Because we cannot determine from the record on appeal the basis for the court's award of attorney fees, including whether the court declined to apportion fees between causes of action because it found the issues connected or intertwined (see, e.g., Amtower v. Photon Dynamics, Inc. (2008) 158 Cal.App.4th 1582, 1604 ["[w]here fees are authorized for some causes of action in a complaint but not for others, allocation is a matter within the trial court's discretion"]) or how the court addressed claims of excessiveness (see, e.g., Akins v. Enterprise Rent-A-Car Co. (2000) 79 Cal.App.4th 1127, 1134 ["[t]he only proper basis of reversal of the amount of an attorney fees award is if the amount awarded is so large or small that it shocks the conscience and suggests that passion and prejudice influenced the determination"]), we are in no position to disturb the court's ruling. (See Aguilar v.
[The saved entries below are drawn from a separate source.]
(* For every $M$ with $\frac12\le M<\frac34$, every deterministic semi-online algorithm with migration factor $M$ for scheduling on two hierarchical machines with known optimal makespan (bin stretching) has competitive ratio at least $2-M$.
   Context: Model (two hierarchical machines with migration, bin stretching). Jobs $1,2,\dots,n$ arrive one by one ($n$ unknown in advance). Job $j$ has a size $p_j>0$ and a grade of service (GoS) $g_j\in\{1,2\}$; a job of GoS $1$ may only be processed on machine $m_1$, a job of GoS $2$ may be processed on $m_1$ or on $m_2$. The load of a machine is the total size of its jobs, the makespan is the maximum load. When job $j$ arrives, the algorithm must assign it, and may migrate previously arrived jobs (respecting GoS) of total size at most $M\cdot p_j$ (migration factor $M$). Bin stretching: the optimal offline makespan of the complete input is known in advance to the algorithm (scaled to $1$). The competitive ratio is the supremum over inputs of (algorithm's makespan)/(optimal makespan). *)

From Stdlib Require Import Reals Lra List.
Open Scope R_scope.

Inductive machine := M1 | M2.

Definition machine_eqb (a b : machine) : bool :=
  match a, b with M1, M1 | M2, M2 => true | _, _ => false end.

(** Grade of service: GoS1 jobs only on M1, GoS2 jobs on M1 or M2. *)
Inductive gos := GoS1 | GoS2.

Record job := Job { size : R; grade : gos }.

(** An assignment of a job sequence: job number i (0-based) goes to machine a i. *)
Definition assignment := nat -> machine.

Fixpoint load (I : list job) (a : assignment) (m : machine) : R :=
  match I with
  | nil => 0
  | j :: I' => (if machine_eqb (a O) m then size j else 0)
               + load I' (fun i => a (S i)) m
  end.

Definition makespan (I : list job) (a : assignment) : R :=
  Rmax (load I a M1) (load I a M2).

Definition feasible (I : list job) (a : assignment) : Prop :=
  forall i j, nth_error I i = Some j -> grade j = GoS1 -> a i = M1.

Definition opt_is (I : list job) (c : R) : Prop :=
  (exists a, feasible I a /\ makespan I a <= c) /\
  (forall a, feasible I a -> c <= makespan I a).

Definition valid_input (I : list job) : Prop :=
  (forall j, In j I -> 0 < size j) /\ opt_is I 1.

Fixpoint migration (I : list job) (a b : assignment) : R :=
  match I with
  | nil => 0
  | j :: I' => (if machine_eqb (a O) (b O) then 0 else size j)
               + migration I' (fun i => a (S i)) (fun i => b (S i))
  end.

(** A deterministic semi-online algorithm (knowing OPT = 1): the assignment
    it maintains after having seen the prefix s is A s. *)
Definition algorithm := list job -> assignment.

Definition valid_alg (Mf : R) (A : algorithm) : Prop :=
  forall p j q, valid_input (p ++ j :: q) ->
    feasible (p ++ j :: nil) (A (p ++ j :: nil)) /\
    migration p (A p) (A (p ++ j :: nil)) <= Mf * size j.

(* The adversary first sends a GoS1 job of size 1 - M - e and a GoS2 job x of size M + e.
   Any later job has size at most 1, so x is too large to ever be migrated: it stays where
   the algorithm put it.  If x is on m1, a GoS1 job of size M + e loads m1 with 1 + M + e
   (OPT = 1 by moving x to m2); if x is on m2, a GoS2 job of size 1 loads either m2 with
   1 + M + e or m1 with 2 - M - e (OPT = 1 by pairing the first two jobs). *)
From Stdlib Require Import Reals Lra List.
Open Scope R_scope.

Lemma machine_eqb_neq (m m' : machine) : m <> m' -> machine_eqb m m' = false.
Proof. destruct m, m'; intros H; try reflexivity; exfalso; apply H; reflexivity. Qed.

Lemma migration_nonneg (I : list job) (a b : assignment) :
  (forall j, In j I -> 0 <= size j) -> 0 <= migration I a b.
Proof.
  revert a b; induction I as [|j I IH]; intros a b Hpos; simpl; [lra|].
  assert (0 <= size j) by (apply Hpos; left; reflexivity).
  assert (0 <= migration I (fun i => a (S i)) (fun i => b (S i)))
    by (apply IH; intros k Hk; apply Hpos; right; exact Hk).
  destruct (machine_eqb (a O) (b O)); lra.
Qed.

Lemma size_le_migration (I : list job) (a b : assignment) (i : nat) (j : job) :
  (forall k, In k I -> 0 <= size k) ->
  nth_error I i = Some j -> a i <> b i -> size j <= migration I a b.
Proof.
  revert a b i; induction I as [|k I IH]; intros a b [|i] Hpos Hi Hab;
    simpl in Hi; try discriminate.
  - injection Hi as <-; simpl; rewrite (machine_eqb_neq _ _ Hab).
    assert (0 <= migration I (fun i => a (S i)) (fun i => b (S i)))
      by (apply migration_nonneg; intros k' Hk'; apply Hpos; right; exact Hk').
    lra.
  - simpl.
    assert (size j <= migration I (fun i => a (S i)) (fun i => b (S i)))
      by (apply (IH _ _ i); auto; intros k' Hk'; apply Hpos; right; exact Hk').
    assert (0 <= size k) by (apply Hpos; left; reflexivity).
    destruct (machine_eqb (a O) (b O)); lra.
Qed.

Lemma valid_alg_keeps_large_jobs {Mf : R} {A : algorithm} {p q : list job} {j k : job} {i : nat} :
  valid_alg Mf A -> valid_input (p ++ j :: q) ->
  nth_error p i = Some k -> Mf * size j < size k ->
  A (p ++ j :: nil) i = A p i.
Proof.
  intros HA HI Hi Hlarge.
  destruct (HA p j q HI) as [_ Hmig].
  assert (Hpos : forall k, In k p -> 0 <= size k).
  { intros k' Hk'; apply Rlt_le, (proj1 HI); apply in_or_app; left; exact Hk'. }
  destruct (A (p ++ j :: nil) i) eqn:E1, (A p i) eqn:E2; try reflexivity;
    assert (size k <= migration p (A p) (A (p ++ j :: nil)))
      by (apply (size_le_migration _ _ _ i); [exact Hpos | exact Hi | congruence]);
    lra.
Qed.

Section Adversary.

Variables (Mf e : R).
Hypotheses (HM : 1/2 <= Mf) (He : 0 < e) (Hsmall : Mf + e < 1).

Definition adversary_prefix : list job :=
  Job (1 - Mf - e) GoS1 :: Job (Mf + e) GoS2 :: nil.

Definition input_big_on_M1 : list job := adversary_prefix ++ Job (Mf + e) GoS1 :: nil.
Definition input_big_on_M2 : list job := adversary_prefix ++ Job 1 GoS2 :: nil.

Lemma valid_input_big_on_M1 : valid_input input_big_on_M1.
Proof.
  split; [|split].
  - intros j [<-|[<-|[<-|[]]]]; simpl; lra.
  - exists (fun i => match i with 1%nat => M2 | _ => M1 end); split.
    + intros [|[|[|i]]] j Hi Hg; try reflexivity.
      injection Hi as <-; discriminate.
    + unfold makespan; simpl; apply Rmax_lub; lra.
  - intros a Hf; unfold makespan.
    eapply Rle_trans; [|apply Rmax_l]; simpl.
    rewrite (Hf 0%nat (Job (1 - Mf - e) GoS1)), (Hf 2%nat (Job (Mf + e) GoS1));
      try reflexivity.
    destruct (a 1%nat); simpl; lra.
Qed.

Lemma valid_input_big_on_M2 : valid_input input_big_on_M2.
Proof.
  split; [|split].
  - intros j [<-|[<-|[<-|[]]]]; simpl; lra.
  - exists (fun i => match i with 2%nat => M2 | _ => M1 end); split.
    + intros [|[|[|i]]] j Hi Hg; try reflexivity.
      injection Hi as <-; discriminate.
    + unfold makespan; simpl; apply Rmax_lub; lra.
  - intros a Hf; unfold makespan; simpl.
    rewrite (Hf 0%nat (Job (1 - Mf - e) GoS1)) by reflexivity; simpl.
    apply Rmax_Rle; destruct (a 1%nat), (a 2%nat); simpl; [left | left | left | right]; lra.
Qed.

Variables (A : algorithm).
Hypothesis (HA : valid_alg Mf A).

Lemma makespan_big_on_M1 :
  A adversary_prefix 1%nat = M1 ->
  2 - Mf - e <= makespan input_big_on_M1 (A input_big_on_M1).
Proof.
  intros Hx.
  assert (Hf : feasible input_big_on_M1 (A input_big_on_M1))
    by exact (proj1 (HA adversary_prefix (Job (Mf + e) GoS1) nil valid_input_big_on_M1)).
  assert (Hstay : A input_big_on_M1 1%nat = M1).
  { rewrite <- Hx; apply (valid_alg_keeps_large_jobs (q := nil) (k := Job (Mf + e) GoS2) HA
      valid_input_big_on_M1); [reflexivity | simpl; nra]. }
  set (a := A input_big_on_M1) in *; unfold makespan.
  eapply Rle_trans; [|apply Rmax_l]; simpl.
  rewrite (Hf 0%nat (Job (1 - Mf - e) GoS1)), Hstay, (Hf 2%nat (Job (Mf + e) GoS1));
    try reflexivity.
  simpl; lra.
Qed.

Lemma makespan_big_on_M2 :
  A adversary_prefix 1%nat = M2 ->
  2 - Mf - e <= makespan input_big_on_M2 (A input_big_on_M2).
Proof.
  intros Hx.
  assert (Hf : feasible input_big_on_M2 (A input_big_on_M2))
    by exact (proj1 (HA adversary_prefix (Job 1 GoS2) nil valid_input_big_on_M2)).
  assert (Hstay : A input_big_on_M2 1%nat = M2).
  { rewrite <- Hx; apply (valid_alg_keeps_large_jobs (q := nil) (k := Job (Mf + e) GoS2) HA
      valid_input_big_on_M2); [reflexivity | simpl; lra]. }
  set (a := A input_big_on_M2) in *; unfold makespan; simpl.
  rewrite (Hf 0%nat (Job (1 - Mf - e) GoS1)), Hstay by reflexivity; simpl.
  apply Rmax_Rle; destruct (a 2%nat); simpl; [left | right]; lra.
Qed.

End Adversary.

Theorem mainTheorem15 :
  forall (Mf : R), 1/2 <= Mf < 3/4 ->
  forall (A : algorithm), valid_alg Mf A ->
  forall eps : R, 0 < eps ->
  exists I : list job, valid_input I /\ 2 - Mf - eps <= makespan I (A I).
Proof.
  intros Mf HM A HA eps Heps.
  set (e := Rmin eps ((1 - Mf) / 2)).
  assert (He_eps : e <= eps) by apply Rmin_l.
  assert (He_small : Mf + e < 1) by (assert (e <= (1 - Mf) / 2) by apply Rmin_r; lra).
  assert (He : 0 < e) by (apply Rmin_glb_lt; lra).
  destruct (A (adversary_prefix Mf e) 1%nat) eqn:Hx.
  - exists (input_big_on_M1 Mf e); split.
    + apply valid_input_big_on_M1; lra.
    + assert (H := makespan_big_on_M1 Mf e (proj1 HM) He He_small A HA Hx); lra.
  - exists (input_big_on_M2 Mf e); split.
    + apply valid_input_big_on_M2; lra.
    + assert (H := makespan_big_on_M2 Mf e (proj1 HM) He He_small A HA Hx); lra.
Qed.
Avis Rent A Car System, Inc. (1999) 21 Cal.4th 121, 132 ["[w]e reject defendants' claim, therefore, because they failed to provide this court with a record adequate to evaluate this contention"]; Maria P. v. Riles (1987) 43 Cal.3d 1281, 1295-1296 ["[b]ecause they failed to furnish an adequate record of the attorney fee proceedings, defendants' claim must be resolved against them"]; see also Vo v. Las Virgenes Municipal Water Dist. (2000) 79 Cal.App.4th 440, 448 ["[t]he absence of a record concerning what actually occurred [in the trial court] precludes a determination that the trial court abused its discretion"].)
DISPOSITION
The findings in favor of Park on the causes of action for violation of section 970 and fraud are reversed, and the damages awarded are reduced by $65,796.94. The judgment is affirmed in all other respects. The postjudgment order awarding attorney fees is affirmed. The parties are to bear their own costs on appeal.
Our reversal of the causes of action for violating section 970 and fraud does not affect the award of attorney fees because fees were not available, and therefore could not have been awarded, for those claims. Further, Korea Daily and Media Network have not requested remand for reconsideration of attorney fees should judgment on one or more of the causes of action be reversed.
PERLUSS, P.J.
We concur:
SEGAL, J.
Judge of the Los Angeles County Superior Court, assigned by the Chief Justice pursuant to article VI, section 6 of the California Constitution.